Дальше, к северу от города, никакого моря не будет. Но чувства полного перерождения не было - значит, не только море надо было оставить.
- ...Остановка «Совхо-о-о-о-о...»...
...Твоя флешка полная троянов и черве-е-е...
...Мужа заставлю от пьянства закоди-и-и...
- ...А у нас в подъезде прямо над нами варят «крокоди-и-и...»...
А может, надо было сбежать раньше?! Ведь сколько уже предпосылок в той жизни было!
Где ещё, кроме той жизни, в коробке из-под видеорегистратора «Хуай Цзонг» за гаражами хоронили котёнка британской вислоухой породы, умаявшегося от неудачной попытки вывести у него блох дихлофосом и дриставшего перед смертью три дня? «Погиб смертью храбрых!» - мрачно пошутил Андрюха. А кто ещё, кроме родителей одноклассника, спускал в унитаз отравившегося то ли диффенбахией, то ли молочаем волнистого попугайчика? Когда ещё загромыхает в мусоропроводе девятиэтажного моряцкого общежития дохлая черепаха по имени Василиса, завёрнутая в газету? Как ещё может расплющиться на асфальте придомовой парковки под колёсами микрогрузовика чей-то ёж, привезённый с охоты и сбежавший во дворе от ребёнка - дошкольника? Может, надо ещё в прошлом году было украсть Баксика у хозяев и сбежать с ним?
Где вы и с кем?!
- ...Ваши биле-е-е?..
- ...Па-па-пахмелился медным купоро-о-о...
...Остановка «Ноди-и-и-и-и...»...
Протиснувшись сквозь столпившуюся в тамбуре толпу, Макс вышел на перрон: дальше электричка не шла - будь оно неладно, зимнее расписание. Где-то дальше был километровый железнодорожный тоннель: свет в его конце мог бы стать и светом в конце максимкиного отчаяния.

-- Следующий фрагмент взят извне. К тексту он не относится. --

(* Let $q$ be a prime power and let $U(X), V(X) \in \mathbb{F}_q[X]$ with $\deg(V) < q$ and $i \geq 0$ an integer, such that $U(X) = V(X)\cdot \Lambda^i(X)$, where $\Lambda(X) = X^q - X$. Then for every integer $\ell$ with $0 \leq \ell < q$, $$U^{[\ell]}(X) \equiv (-1)^i \cdot V^{[\ell - i]}(X) \pmod{\Lambda(X)},$$ with the convention that $V^{[j]}(X) = 0$ for $j < 0$.
   Context: For a field $\mathbb{F}$ and $A(X) \in \mathbb{F}[X]$, the $\ell$-th Hasse derivative $A^{[\ell]}(X)$ is the coefficient of $Z^\ell$ in the expansion of $A(X+Z)$ as a polynomial in $Z$ with coefficients in $\mathbb{F}[X]$. *)

From HB Require Import structures.
From mathcomp Require Import all_boot all_order all_algebra all_field.
Set Implicit Arguments. Unset Strict Implicit. Unset Printing Implicit Defensive.
Import GRing.Theory.
Local Open Scope ring_scope.

(* A(X+Z) as an element of {poly {poly F}}: the outer variable is Z,
   the inner variable (constants 'X%:P) is X. *)
Definition shiftXZ (F : fieldType) (A : {poly F}) : {poly {poly F}} :=
  (A ^:P) \Po ('X + ('X : {poly F})%:P).

Definition hasse (F : fieldType) (A : {poly F}) (l : nat) : {poly F} :=
  (shiftXZ A)`_l.

Definition hasseZ (F : fieldType) (A : {poly F}) (j : int) : {poly F} :=
  match j with Posz n => hasse A n | Negz _ => 0 end.

Definition Lambda (F : finFieldType) : {poly F} := 'X^#|F| - 'X.

(** Taylor shift [A |-> A(X + Z)] is a ring morphism, and by Frobenius it sends
    [Lambda(X) = X^q - X] to [Lambda(Z) + Lambda(X)], as [q] is a power of the
    characteristic. Hence, coefficientwise modulo [Lambda(X)],
    [U(X + Z) = V(X + Z) (Z^q - Z)^i]. Below [Z^q] the factor [(Z^q - Z)^i] is
    the monomial [(-1)^i Z^i], so for [l < q] the coefficient of [Z^l] is
    [(-1)^i] times that of [Z^(l - i)] in [V(X + Z)]. *)

From HB Require Import structures.
From mathcomp Require Import all_boot all_order all_algebra all_field.
Import GRing.Theory.
Local Open Scope ring_scope.

Lemma pnat_card_pchar (R : finNzRingType) p : p \in [pchar R] -> p.-nat #|R|.
Proof.
move=> pcharRp; rewrite (card_pprimeChar pcharRp) pnatX pnat_id //.
exact: pcharf_prime pcharRp.
Qed.

Lemma finField_card_pchar_nat (F : finFieldType) : [pchar F].-nat #|F|.
Proof.
have [p _ pcharFp] := finPcharP F.
by rewrite (eq_pnat _ (pcharf_eq pcharFp)) pnat_card_pchar.
Qed.

Section TaylorShift.
Variable F : fieldType.

Lemma shiftXZB (A B : {poly F}) : shiftXZ (A - B) = shiftXZ A - shiftXZ B.
Proof. by rewrite /shiftXZ !rmorphB. Qed.

Lemma shiftXZM (A B : {poly F}) : shiftXZ (A * B) = shiftXZ A * shiftXZ B.
Proof. by rewrite /shiftXZ !rmorphM. Qed.

Lemma shiftXZXn (A : {poly F}) n : shiftXZ (A ^+ n) = shiftXZ A ^+ n.
Proof. by rewrite /shiftXZ !rmorphXn. Qed.

Lemma shiftXZ_X : shiftXZ ('X : {poly F}) = 'X + 'X%:P.
Proof. by rewrite /shiftXZ map_polyX comp_polyX. Qed.

Lemma shiftXZ_Xn_pchar q :
  [pchar F].-nat q -> shiftXZ ('X^q : {poly F}) = 'X^q + ('X^q)%:P.
Proof.
move=> pcharFq; have pcharFXZq : [pchar {poly {poly F}}].-nat q.
  by rewrite (eq_pnat _ (pchar_poly _)) (eq_pnat _ (pchar_poly _)).
by rewrite shiftXZXn shiftXZ_X exprDn_pchar // rmorphXn.
Qed.

Lemma modp_coefM_exprDC (d : {poly F}) (P Q : {poly {poly F}}) n l :
  (P * (Q + d%:P) ^+ n)`_l %% d = (P * Q ^+ n)`_l %% d.
Proof.
have [W ->] : exists W, (Q + d%:P) ^+ n = Q ^+ n + d%:P * W.
  exists (\sum_(k < n) (Q + d%:P) ^+ (n.-1 - k) * Q ^+ k).
  have := subrXX (Q + d%:P) Q n; rewrite addrAC subrr add0r => <-.
  by rewrite [RHS]addrC subrK.
by rewrite mulrDr mulrCA coefD coefCM modpD modp_mulr addr0.
Qed.

End TaylorShift.

Lemma shiftXZ_Lambda (F : finFieldType) :
  shiftXZ (Lambda F) = ('X^#|F| - 'X) + (Lambda F)%:P.
Proof.
rewrite shiftXZB shiftXZ_Xn_pchar ?finField_card_pchar_nat // shiftXZ_X.
by rewrite /Lambda polyCB opprD addrACA.
Qed.

Section XnsubXPowers.
Variables (R : nzRingType) (q : nat).

Lemma coef_exp_XnsubX i j : (j < q)%N ->
  ((('X^q - 'X) ^+ i : {poly R})`_j) = (-1) ^+ i *+ (j == i).
Proof.
elim: i j => [|i IH] [|j] jq; rewrite ?expr0 ?coef1 //.
  by rewrite exprSr mulrBr coefB coefMXn coefMX jq eqxx subrr.
rewrite exprSr mulrBr coefB coefMXn coefMX jq /= sub0r (IH j (ltnW jq)).
by rewrite exprS mulN1r mulNrn eqSS.
Qed.

Lemma coefM_exp_XnsubX (P : {poly R}) i l : (l < q)%N ->
  (P * ('X^q - 'X) ^+ i)`_l = if (i <= l)%N then P`_(l - i) * (-1) ^+ i else 0.
Proof.
move=> lq; rewrite coefMr.
under eq_bigr => j _.
  have jq : (j < q)%N by exact: leq_ltn_trans (ltn_ord j : (j <= l)%N) lq.
  rewrite coef_exp_XnsubX // mulrnAr mulrb.
  over.
by rewrite -big_mkcond (big_ord1_eq _ (fun j => P`_(l - j) * (-1) ^+ i)) ltnS.
Qed.

End XnsubXPowers.

Lemma hasseZ_subn (F : fieldType) (V : {poly F}) (l i : nat) :
  hasseZ V (l%:Z - i%:Z) = if (i <= l)%N then hasse V (l - i) else 0.
Proof.
case: leqP => [il | li]; first by rewrite subzn.
suff -> : l%:Z - i%:Z = Negz (i - l).-1 by [].
by rewrite NegzE prednK ?subn_gt0 // -subzn ?(ltnW li) // opprB.
Qed.

Theorem lemma2p4 (F : finFieldType) (U V : {poly F}) (i : nat) :
  (size V <= #|F|)%N ->
  U = V * (Lambda F) ^+ i ->
  forall l : nat, (l < #|F|)%N ->
    hasse U l %% Lambda F
    = ((-1) ^+ i * hasseZ V (l%:Z - i%:Z)) %% Lambda F.
Proof.
move=> _ -> l lq.
rewrite /hasse shiftXZM shiftXZXn shiftXZ_Lambda modp_coefM_exprDC.
rewrite coefM_exp_XnsubX // hasseZ_subn.
by case: leqP => _; rewrite ?mulr0 // mulrC.
Qed.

Ни любви, ни тоски, ни жалости за тем тоннелем бы точно не осталось...
Но Макс сел на скамейку, обхватил голову руками и задумался о том, покинула ли душа Баксика свою физическую оболочку до того, как хозяева понесли её по подъезду в пакете?
Через три часа должна была подъехать электричка, идущая в противоположном направлении - обратно в город.

* * *

Можно было бы подождать не три часа, а четыре с половиной часа, сесть на экспресс, идущий из города, и на следующей остановке сойти.
Но убежишь ли от себя, сойдя на том глухом полустанке, и убежишь ли от своей любви, узнаешь ли, что на раскисшей грунтовой дороге вдоль сгоревших дач она за тобой не угонится, забудешь ли, что у неё, как было сказано Стивеном Кингом, есть зубы и когти, и не почувствуешь ли её зловонное дыхание за спиной?
Ни от себя, ни из города не убежать по той дороге: там, где за деревьями уже не видно солнца, на дорогу выскочит бурундук, сипло зарычит, подпрыгнет и вцепится в горло.